Open slai-natanijel opened 3 months ago
What versions of the libraries do you use? What sequence length do you use?
python 3.10.9 accelerate 0.28.0 deepspeed 0.14.0 transformers 4.39.0
The output max sequence length is the default value of 128.
Is the blog post using DeepSpeed, and the Huggingface tutorial with Accelerate+DeepSpeed quite similar in principle?
Update: Running google/flan-t5-xl (3B parameters) with Accelerate+DeepSpeed (level 3, bf16) seems to work for batch=1, but uses about 88% of memory per GPU - still seems far too high.

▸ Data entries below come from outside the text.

(* Let $\kappa\ge1$, $n\ge1$ be integers and $0<\epsilon<1$. Let $\mathcal{C}=\{q\in\mathbb{R}^{2^\kappa}: q_i\ge0\ \forall i,\ \sum_{i=0}^{2^\kappa-1}q_i=1\}$. If $q\in\mathcal{C}$ is a local minimizer of $q\mapsto\lambda(n,\epsilon,q)$ on $\mathcal{C}$, then $q_0=0$.
   Context: $W=\mathbb{F}_2^\kappa$; $\nu(i)\in W$ is the binary expansion of $i\in\{0,\dots,2^\kappa-1\}$; vectors $q$ are indexed $q_0,\dots,q_{2^\kappa-1}$. For a subspace $S\subseteq W$, $\zeta(S,q)=\sum_{i:\nu(i)\in S}q_i$; $\Xi(W,\kappa-1)$ is the set of $(\kappa-1)$-dimensional subspaces of $W$. For real $q$ define $\lambda(n,\epsilon,q)=(2-\epsilon)^n2^{-\kappa}\Big(1+\sum_{S\in\Xi(W,\kappa-1)}\big(\tfrac{\epsilon}{2-\epsilon}\big)^{n(1-\zeta(S,q))}\Big)-1$ (for $q$ the column-distribution vector of a generator matrix, this is the $\chi^2$ divergence between $p_{MZ}$ and $p_Mp_Z$ for the coset code over a binary erasure channel with erasure probability $\epsilon$). A local minimizer of $f$ on $\mathcal{C}$ is a point $q\in\mathcal{C}$ with $f(q)\le f(q')$ for all $q'\in\mathcal{C}$ in some neighborhood of $q$. *)

From HB Require Import structures.
From mathcomp Require Import all_boot all_order all_algebra.
From mathcomp Require Import all_classical all_reals all_analysis.
Set Implicit Arguments. Unset Strict Implicit. Unset Printing Implicit Defensive.
Import Order.TTheory GRing.Theory Num.Theory.
Local Open Scope ring_scope.

Notation W kappa := 'rV['F_2]_kappa.

Definition nu (kappa : nat) (i : 'I_(2 ^ kappa)) : W kappa :=
  \row_(j < kappa) (((i %/ 2 ^ j) %% 2)%N)%:R.

(* S (a finite set of vectors) is a (kappa-1)-dimensional subspace of W:
   S coincides with the F_2-linear span of its elements, and that span has
   dimension kappa-1. *)
Definition is_hyperplane (kappa : nat) (S : {set W kappa}) : bool :=
  (S == [set x | x \in (<<enum S>>)%VS]) && (\dim (<<enum S>>)%VS == kappa.-1)%N.

Definition zeta (R : realType) (kappa : nat) (S : {set W kappa})
  (q : 'I_(2 ^ kappa) -> R) : R :=
  \sum_(i < 2 ^ kappa | nu i \in S) q i.

Definition lambda (R : realType) (kappa n : nat) (eps : R)
  (q : 'I_(2 ^ kappa) -> R) : R :=
  (2 - eps) ^+ n * ((2 ^ kappa)%N%:R)^-1 *
  (1 + \sum_(S : {set W kappa} | is_hyperplane S)
         powR (eps / (2 - eps)) (n%:R * (1 - zeta S q))) - 1.

Definition in_simplex (R : realType) (kappa : nat) (q : 'I_(2 ^ kappa) -> R) : Prop :=
  (forall i, 0 <= q i) /\ \sum_(i < 2 ^ kappa) q i = 1.

(* local minimizer of f on C (neighbourhoods in the sup-norm, equivalent to
   the Euclidean topology on R^(2^kappa)) *)
Definition local_min_on (R : realType) (kappa : nat)
  (C : ('I_(2 ^ kappa) -> R) -> Prop) (f : ('I_(2 ^ kappa) -> R) -> R)
  (q : 'I_(2 ^ kappa) -> R) : Prop :=
  C q /\ exists delta : R, 0 < delta /\
    forall q', C q' -> (forall i, `|q' i - q i| < delta) -> f q <= f q'.

Lemma pow2_gt0 (kappa : nat) : (0 < 2 ^ kappa)%N.
Proof. by rewrite expn_gt0. Qed.

Definition idx0 (kappa : nat) : 'I_(2 ^ kappa) := Ordinal (pow2_gt0 kappa).

(* Every hyperplane of F_2^kappa contains nu 0 = 0, so moving mass t from q_0 to
   q_1 changes each zeta(S, q) by -t or by 0, and by -t on the hyperplane of
   vectors with vanishing first coordinate, which misses nu 1.  Since
   eps / (2 - eps) < 1, every summand of lambda is nonincreasing in
   zeta(S, q), and strictly decreasing when n >= 1; hence lambda strictly
   decreases. *)

From HB Require Import structures.
From mathcomp Require Import all_boot all_order all_algebra.
From mathcomp Require Import all_classical all_reals all_analysis.
From mathcomp Require Import lra.
Set Implicit Arguments. Unset Strict Implicit. Unset Printing Implicit Defensive.
Import Order.TTheory GRing.Theory Num.Theory.
Local Open Scope ring_scope.

Lemma gtr_powR (R : realType) (a : R) : 0 < a < 1 -> {homo powR a : x y /~ y < x}.
Proof.
move=> /andP[a_gt0 a_lt1] x y xy.
have lnaK : expR (ln a) = a by apply/eqP; rewrite lnK_eq.
rewrite -lnaK -!expRM ltr_expR ltr_nM2l //.
by apply: ln_lt0; rewrite a_gt0 a_lt1.
Qed.

Section Hyperplanes.
Variable kappa : nat.

Lemma nu_idx0 : nu (idx0 kappa) = 0.
Proof. by apply/rowP => j; rewrite !mxE div0n mod0n. Qed.

Lemma hyperplane_nu_idx0 (S : {set W kappa}) : is_hyperplane S -> nu (idx0 kappa) \in S.
Proof. by move=> /andP[/eqP -> _]; rewrite nu_idx0 inE mem0v. Qed.

Lemma span_lker (rT : vectType 'F_2) (f : 'Hom(W kappa, rT)) :
  (<<enum [set x | x \in lker f]>> = lker f)%VS.
Proof.
apply/eqP; rewrite eqEsubv; apply/andP; split.
  by apply/span_subvP => x; rewrite mem_enum inE.
by apply/subvP => x fx0; apply: memv_span; rewrite mem_enum inE.
Qed.

Lemma lker_is_hyperplane (f : 'Hom(W kappa, ('F_2)^o)) (v : W kappa) :
  f v != 0 -> is_hyperplane [set x | x \in lker f].
Proof.
move=> fv_neq0; rewrite /is_hyperplane span_lker; apply/andP; split.
  by apply/eqP/setP => x; rewrite !inE.
have dim_img : \dim (limg f) = 1%N.
  apply/eqP; rewrite eqn_leq; apply/andP; split.
    by have := dimvS (subvf (limg f)); rewrite dimvf.
  rewrite lt0n dimv_eq0; apply: contraNneq fv_neq0 => img0.
  by rewrite -memv0 -img0 memv_img ?memvf.
have := limg_ker_dim f fullv.
rewrite capfv dimvf dim_img /dim /= addn1 mul1n => dim_ker.
by apply/eqP; exact: (congr1 predn dim_ker).
Qed.

End Hyperplanes.

Section FirstCoordinate.
Variable k : nat.

Definition first_coord (v : W k.+1) : ('F_2)^o := v ord0 ord0.

Lemma first_coord_is_linear : linear first_coord.
Proof. by move=> a u v; rewrite /first_coord !mxE. Qed.

HB.instance Definition _ :=
  GRing.isLinear.Build _ _ _ _ first_coord first_coord_is_linear.

Definition first_coord_hyperplane : {set W k.+1} :=
  [set x | x \in lker (linfun first_coord)].

Lemma idx1_subproof : (1 < 2 ^ k.+1)%N.
Proof. by rewrite -[X in (X < _)%N]/(2 ^ 0)%N ltn_exp2l. Qed.

Definition idx1 : 'I_(2 ^ k.+1) := Ordinal idx1_subproof.

Lemma nu_idx1_notin : nu idx1 \notin first_coord_hyperplane.
Proof. by rewrite inE memv_ker lfunE /= /first_coord mxE. Qed.

Lemma first_coord_hyperplaneP : is_hyperplane first_coord_hyperplane.
Proof.
apply: (@lker_is_hyperplane _ _ (nu idx1)).
by have := nu_idx1_notin; rewrite inE memv_ker.
Qed.

End FirstCoordinate.

Section MoveMass.
Variables (R : realFieldType) (T : finType).

Definition move_mass (q : T -> R) (i j : T) (t : R) : T -> R :=
  fun l => q l - (l == i)%:R * t + (l == j)%:R * t.

Lemma sum_move_mass (P : pred T) q i j t :
  \sum_(l | P l) move_mass q i j t l = \sum_(l | P l) q l - (P i)%:R * t + (P j)%:R * t.
Proof.
have sum_indicator (a : T) : \sum_(l | P l) (l == a)%:R * t = (P a)%:R * t.
  rewrite big_mkcond (bigD1 a) //= eqxx mul1r big1 ?addr0.
    by case: (P a); rewrite ?mul1r ?mul0r.
  by move=> l /negbTE ->; rewrite mul0r; case: (P l).
by rewrite /move_mass !big_split /= sumrN !sum_indicator.
Qed.

Lemma move_mass_ge0 q i j t : i != j -> (forall l, 0 <= q l) -> 0 <= t <= q i ->
  forall l, 0 <= move_mass q i j t l.
Proof.
move=> ij q_ge0 /andP[t_ge0 t_le] l; rewrite /move_mass.
have [->|li] := eqVneq l i.
  by rewrite (negbTE ij) mul1r mul0r addr0 subr_ge0.
by rewrite mul0r subr0 addr_ge0 // mulr_ge0.
Qed.

Lemma move_mass_dist q i j t l : i != j -> `|move_mass q i j t l - q l| <= `|t|.
Proof.
move=> ij; rewrite /move_mass addrAC [q l - _]addrC addrK.
have [->|li] := eqVneq l i.
  by rewrite (negbTE ij) mul1r mul0r addr0 normrN.
rewrite mul0r oppr0 add0r.
by case: (l == j); rewrite ?mul1r ?mul0r ?normr0.
Qed.

End MoveMass.

Lemma move_mass_in_simplex (R : realType) kappa (q : 'I_(2 ^ kappa) -> R) i j t :
  i != j -> in_simplex q -> 0 <= t <= q i -> in_simplex (move_mass q i j t).
Proof.
move=> ij [q_ge0 q_sum1] t_range; split; first exact: move_mass_ge0.
by rewrite (sum_move_mass xpredT) q_sum1 /= mul1r addrNK.
Qed.

Lemma zeta_move_mass_idx0 (R : realType) kappa (S : {set W kappa})
    (q : 'I_(2 ^ kappa) -> R) j t :
  is_hyperplane S ->
  zeta S (move_mass q (idx0 kappa) j t) = zeta S q - (nu j \notin S)%:R * t.
Proof.
move=> hypS; rewrite /zeta sum_move_mass hyperplane_nu_idx0 // mul1r.
by case: (nu j \in S); rewrite /= ?mul1r ?mul0r ?subrK ?subr0 ?addr0.
Qed.

Lemma lambda_lt (R : realType) kappa n (eps : R) (q q' : 'I_(2 ^ kappa) -> R)
    (S0 : {set W kappa}) :
  (1 <= n)%N -> 0 < eps -> eps < 1 ->
  (forall S, is_hyperplane S -> zeta S q' <= zeta S q) ->
  is_hyperplane S0 -> zeta S0 q' < zeta S0 q ->
  lambda n eps q' < lambda n eps q.
Proof.
move=> n_ge1 eps_gt0 eps_lt1 zeta_le hypS0 zeta_lt.
have a_range : 0 < eps / (2 - eps) < 1.
  by rewrite divr_gt0 /= ?ltr_pdivrMr ?mul1r; lra.
have n_gt0 : 0 < n%:R :> R by rewrite ltr0n.
rewrite /lambda ltrD2r ltr_pM2l; last first.
  by rewrite mulr_gt0 ?invr_gt0 ?ltr0n ?expn_gt0 // exprn_gt0 //; lra.
rewrite ltrD2l (bigD1 S0) // [X in _ < X](bigD1 S0) //=.
apply: ltr_leD.
  by apply: gtr_powR => //; rewrite ltr_pM2l // ltrD2l ltrN2.
apply: ler_sum => S /andP[hypS _].
apply: ger_powR; first by case/andP: a_range => -> /ltW ->.
by rewrite ler_pM2l // lerD2l lerN2 zeta_le.
Qed.

Theorem theorem6 (R : realType) (kappa n : nat) (eps : R) :
  (1 <= kappa)%N -> (1 <= n)%N -> 0 < eps -> eps < 1 ->
  forall q : 'I_(2 ^ kappa) -> R,
    local_min_on (@in_simplex R kappa) (lambda n eps) q ->
    q (idx0 kappa) = 0.
Proof.
case: kappa => [//|k] _ n_ge1 eps_gt0 eps_lt1 q [q_simplex [delta [delta_gt0 q_min]]].
have [q0_ge0 _] := q_simplex; have := q0_ge0 (idx0 k.+1).
rewrite le0r => /orP[/eqP //|q0_gt0]; exfalso.
pose t := Num.min (q (idx0 k.+1)) (delta / 2).
have t_gt0 : 0 < t by rewrite lt_min q0_gt0 divr_gt0.
have t_lt_delta : t < delta by rewrite gt_min orbC ltr_pdivrMr // ltr_pMr // ltr1n.
have idx01 : idx0 k.+1 != idx1 k by [].
pose q' := move_mass q (idx0 k.+1) (idx1 k) t.
have q'_simplex : in_simplex q'.
  by apply: move_mass_in_simplex; rewrite // ltW //= ge_min lexx.
have q'_close i : `|q' i - q i| < delta.
  by apply: le_lt_trans (move_mass_dist _ _ _ idx01) _; rewrite gtr0_norm.
apply/negP: (q_min q' q'_simplex q'_close); rewrite -ltNge.
apply: (lambda_lt (S0 := first_coord_hyperplane k)) => //.
- by move=> S hypS; rewrite zeta_move_mass_idx0 // gerBl mulr_ge0 // ltW.
- exact: first_coord_hyperplaneP.
- by rewrite zeta_move_mass_idx0 ?first_coord_hyperplaneP // nu_idx1_notin mul1r gtrBl.
Qed.
(* Let $\widehat{\mathcal M}=(E_{2n}\cup\{q\},\widehat{\mathcal C})$ be an oriented matroid. Suppose there exist two distinct circuits $X,Y\in\widehat{\mathcal C}$ whose supports are complementary, with $X_q=Y_q=+$, such that for every $i\in[n]$ either $X_{s_i}Y_{t_i}=X_{t_i}Y_{s_i}=0$, or ($X_{s_i}=Y_{t_i}$ and $X_{t_i}=Y_{s_i}$). Then $\widehat{\mathcal M}$ is not a P-matroid extension.
   Context: An oriented matroid $(E,\mathcal C)$ is given by its circuits, signed sets $X\in\{-,0,+\}^E$ satisfying: (C0) the zero vector is not a circuit; (C1) $X\in\mathcal C\iff -X\in\mathcal C$; (C2) if $\underline X\subseteq\underline Y$ then $X=\pm Y$; (C3) for $X\neq -Y$ and $e$ with $X_e=+$, $Y_e=-$, there is a circuit $Z$ with $Z^+\subseteq(X^+\cup Y^+)\setminus\{e\}$ and $Z^-\subseteq(X^-\cup Y^-)\setminus\{e\}$. Here $\underline X=\{e:X_e\neq0\}$, $X^\pm=\{e:X_e=\pm\}$. A basis is an inclusion-maximal subset of $E$ containing no circuit support. $S=\{s_1,\dots,s_n\}$, $T=\{t_1,\dots,t_n\}$, $E_{2n}=S\cup T$, $q\notin E_{2n}$; a set is complementary if it contains no pair $\{s_i,t_i\}$. A circuit $X$ is sign-reversing if $X_{s_i}=-X_{t_i}$ for every $i$ with $\{s_i,t_i\}\subseteq\underline X$. A P-matroid is an oriented matroid on $E_{2n}$ in which $S$ is a basis and no circuit is sign-reversing. A P-matroid extension is an oriented matroid on $E_{2n}\cup\{q\}$ whose circuits $X$ with $X_q=0$, restricted to $E_{2n}$, are exactly the circuits of a P-matroid. (In a P-matroid extension every complementary set of size $n$ is a basis.) *)

From HB Require Import structures.
From mathcomp Require Import all_boot.
Set Implicit Arguments. Unset Strict Implicit. Unset Printing Implicit Defensive.

Inductive sgn := Neg | Zer | Pos.

Definition sgn_to_ord (x : sgn) : 'I_3 :=
  match x with Neg => inord 0 | Zer => inord 1 | Pos => inord 2 end.
Definition sgn_of_ord (i : 'I_3) : sgn :=
  match val i with 0 => Neg | 1 => Zer | _ => Pos end.
Lemma sgn_to_ordK : cancel sgn_to_ord sgn_of_ord.
Proof. by case; rewrite /sgn_of_ord /= inordK. Qed.
HB.instance Definition _ := Finite.copy sgn (can_type sgn_to_ordK).

Definition sgn_opp (x : sgn) : sgn :=
  match x with Neg => Pos | Zer => Zer | Pos => Neg end.

Section SignedSets.
Variable T : finType.
Definition signed := {ffun T -> sgn}.
Definition oppS (X : signed) : signed := [ffun e => sgn_opp (X e)].
Definition zeroS : signed := [ffun _ => Zer].
Definition supp (X : signed) : {set T} := [set e | X e != Zer].
Definition posS (X : signed) : {set T} := [set e | X e == Pos].
Definition negS (X : signed) : {set T} := [set e | X e == Neg].

Definition oriented_matroid (C : {set signed}) : Prop :=
  [/\ zeroS \notin C,
      (forall X, X \in C <-> oppS X \in C),
      (forall X Y, X \in C -> Y \in C -> supp X \subset supp Y ->
          X = Y \/ X = oppS Y) &
      (forall X Y e, X \in C -> Y \in C -> X <> oppS Y ->
          X e = Pos -> Y e = Neg ->
          exists2 Z, Z \in C &
            posS Z \subset (posS X :|: posS Y) :\ e /\
            negS Z \subset (negS X :|: negS Y) :\ e)].

Definition indep (C : {set signed}) (B : {set T}) : Prop :=
  forall X, X \in C -> ~~ (supp X \subset B).
Definition is_basis (C : {set signed}) (B : {set T}) : Prop :=
  indep C B /\ (forall B' : {set T}, B \subset B' -> indep C B' -> B' = B).
End SignedSets.

Definition E2 (n : nat) := ('I_n * bool)%type.
Definition s_ (n : nat) (i : 'I_n) : E2 n := (i, false).
Definition t_ (n : nat) (i : 'I_n) : E2 n := (i, true).
Definition Sset (n : nat) : {set E2 n} := [set e | ~~ e.2].

Definition Eq (n : nat) := option (E2 n).
Definition qel (n : nat) : Eq n := None.
Definition sq (n : nat) (i : 'I_n) : Eq n := Some (s_ i).
Definition tq (n : nat) (i : 'I_n) : Eq n := Some (t_ i).

Definition complementary (n : nat) (A : {set Eq n}) : Prop :=
  forall i : 'I_n, ~ (sq i \in A /\ tq i \in A).

Definition sign_reversing (n : nat) (X : signed (E2 n)) : Prop :=
  forall i : 'I_n, X (s_ i) != Zer -> X (t_ i) != Zer ->
    X (s_ i) = sgn_opp (X (t_ i)).

Definition P_matroid (n : nat) (C : {set signed (E2 n)}) : Prop :=
  [/\ oriented_matroid C, is_basis C (Sset n) &
      forall X, X \in C -> ~ sign_reversing X].

Definition restrE (n : nat) (X : signed (Eq n)) : signed (E2 n) :=
  [ffun e => X (Some e)].

Definition P_matroid_extension (n : nat) (C : {set signed (Eq n)}) : Prop :=
  oriented_matroid C /\
  P_matroid [set restrE X | X in C & X (qel n) == Zer].

From HB Require Import structures.
From mathcomp Require Import all_boot.
Set Implicit Arguments. Unset Strict Implicit. Unset Printing Implicit Defensive.

(* Eliminating q between X and -Y yields a circuit Z avoiding q whose every
   nonzero sign is taken from X or from -Y.  On each pair {s_i, t_i} the
   hypotheses leave Z either vanishing somewhere or carrying opposite signs, so
   Z restricts to a sign-reversing circuit of the P-matroid. *)

Lemma sgn_oppK : involutive sgn_opp.
Proof. by case. Qed.

Lemma oppSK (T : finType) : involutive (@oppS T).
Proof. by move=> X; apply/ffunP => e; rewrite !ffunE sgn_oppK. Qed.

Lemma posS_sub_conformal (T : finType) (X Y Z : signed T) (e f : T) :
  posS Z \subset (posS X :|: posS Y) :\ e -> Z f = Pos ->
  f != e /\ (X f = Pos \/ Y f = Pos).
Proof.
move=> /subsetP/(_ f) + Zf; rewrite !inE Zf eqxx => /(_ isT) /andP[-> /orP].
by case=> /eqP; auto.
Qed.

Lemma negS_sub_conformal (T : finType) (X Y Z : signed T) (e f : T) :
  negS Z \subset (negS X :|: negS Y) :\ e -> Z f = Neg ->
  f != e /\ (X f = Neg \/ Y f = Neg).
Proof.
move=> /subsetP/(_ f) + Zf; rewrite !inE Zf eqxx => /(_ isT) /andP[-> /orP].
by case=> /eqP; auto.
Qed.

Lemma circuit_elim_same_sign (T : finType) (C : {set signed T}) (X Y : signed T)
    (e : T) :
  oriented_matroid C -> X \in C -> Y \in C -> X <> Y -> X e = Pos -> Y e = Pos ->
  exists2 Z, Z \in C &
    Z e = Zer /\ forall f, [\/ Z f = Zer, Z f = X f | Z f = sgn_opp (Y f)].
Proof.
move=> [_ oppC _ elimC] CX CY XY Xe Ye.
have CoppY : oppS Y \in C by apply: (oppC Y).1.
have [|||Z CZ [posZ negZ]] := elimC X (oppS Y) e CX CoppY; rewrite ?oppSK //.
  by rewrite ffunE Ye.
have signZ f : [\/ Z f = Zer, Z f = X f | Z f = sgn_opp (Y f)].
  case Zf: (Z f); [| by constructor 1 |].
  - have [_ [->|]] := negS_sub_conformal negZ Zf; first by constructor 2.
    by rewrite ffunE; case: (Y f) => // _; constructor 3.
  - have [_ [->|]] := posS_sub_conformal posZ Zf; first by constructor 2.
    by rewrite ffunE; case: (Y f) => // _; constructor 3.
exists Z => //; split=> //.
case Ze: (Z e) => //.
- by have [/eqP] := negS_sub_conformal negZ Ze.
- by have [/eqP] := posS_sub_conformal posZ Ze.
Qed.

Lemma complementary_suppP (n : nat) (X : signed (Eq n)) (i : 'I_n) :
  complementary (supp X) -> X (sq i) = Zer \/ X (tq i) = Zer.
Proof.
move=> /(_ i); rewrite !inE => not_both.
case: (X (sq i) =P Zer) => [|/eqP Xs]; [by left | right].
by apply/eqP/negPn/negP => Xt; apply: not_both.
Qed.

Lemma sign_reversing_pair (xs xt ys yt zs zt : sgn) :
  xs = Zer \/ xt = Zer -> ys = Zer \/ yt = Zer ->
  (xs = Zer \/ yt = Zer) /\ (xt = Zer \/ ys = Zer) \/ xs = yt /\ xt = ys ->
  [\/ zs = Zer, zs = xs | zs = sgn_opp ys] ->
  [\/ zt = Zer, zt = xt | zt = sgn_opp yt] ->
  zs <> Zer -> zt <> Zer -> zs = sgn_opp zt.
Proof.
move=> cX cY hXY [->//|->|->] [->//|->|->];
  case: xs xt ys yt cX cY hXY => [] [] [] [] //=; intuition congruence.
Qed.

Theorem mainTheorem10 (n : nat) (C : {set signed (Eq n)}) :
  oriented_matroid C ->
  forall X Y : signed (Eq n),
    X \in C -> Y \in C -> X <> Y ->
    complementary (supp X) -> complementary (supp Y) ->
    X (qel n) = Pos -> Y (qel n) = Pos ->
    (forall i : 'I_n,
        ((X (sq i) == Zer) || (Y (tq i) == Zer)) /\
        ((X (tq i) == Zer) || (Y (sq i) == Zer))
      \/ (X (sq i) = Y (tq i) /\ X (tq i) = Y (sq i))) ->
    ~ P_matroid_extension C.
Proof.
move=> omC X Y CX CY XY cX cY Xq Yq hXY [_ [_ _ no_sign_rev]].
have [Z CZ [Zq signZ]] := circuit_elim_same_sign omC CX CY XY Xq Yq.
apply: (no_sign_rev (restrE Z)).
  by apply/imsetP; exists Z; rewrite // inE CZ Zq eqxx.
move=> i; rewrite !ffunE => /eqP Zs /eqP Zt.
apply: (sign_reversing_pair (complementary_suppP i cX)
          (complementary_suppP i cY) _ (signZ (sq i)) (signZ (tq i)) Zs Zt).
by case: (hXY i) => [[/orP[]/eqP + /orP[]/eqP]|]; auto.
Qed.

Another update: It seems that DeepSpeed level 2 and level 3 take up the same GPU memory on my setup. Perhaps level 3 is not fully activating?
I am trying to reproduce the FLAN-T5-XXL (11B) results from this blog post.
I have an 8xA10G instance. Since the blog shows that you can run FLAN-T5-XXL (11B) training on a 4xA10G setup, I was surprised to see that I get a CUDA OOM error as soon as the first training epoch starts:
I have even tried to run at batch=1, but that didn't help, and I have double checked that bf16 is enabled.
Additionally, I have attempted to run default T5-11B and T5-3B models using Accelerate + DeepSpeed (level 3, bf16) using the instructions from this tutorial, and I also get a CUDA OOM. The only case in which I do not get an OOM, is when I run the default T5-Large at batch=1.
I'm not sure where I am going wrong. The error message suggests that something is reserving almost all of the GPU memory before the "real" allocations start (as only 723 MiB is free.)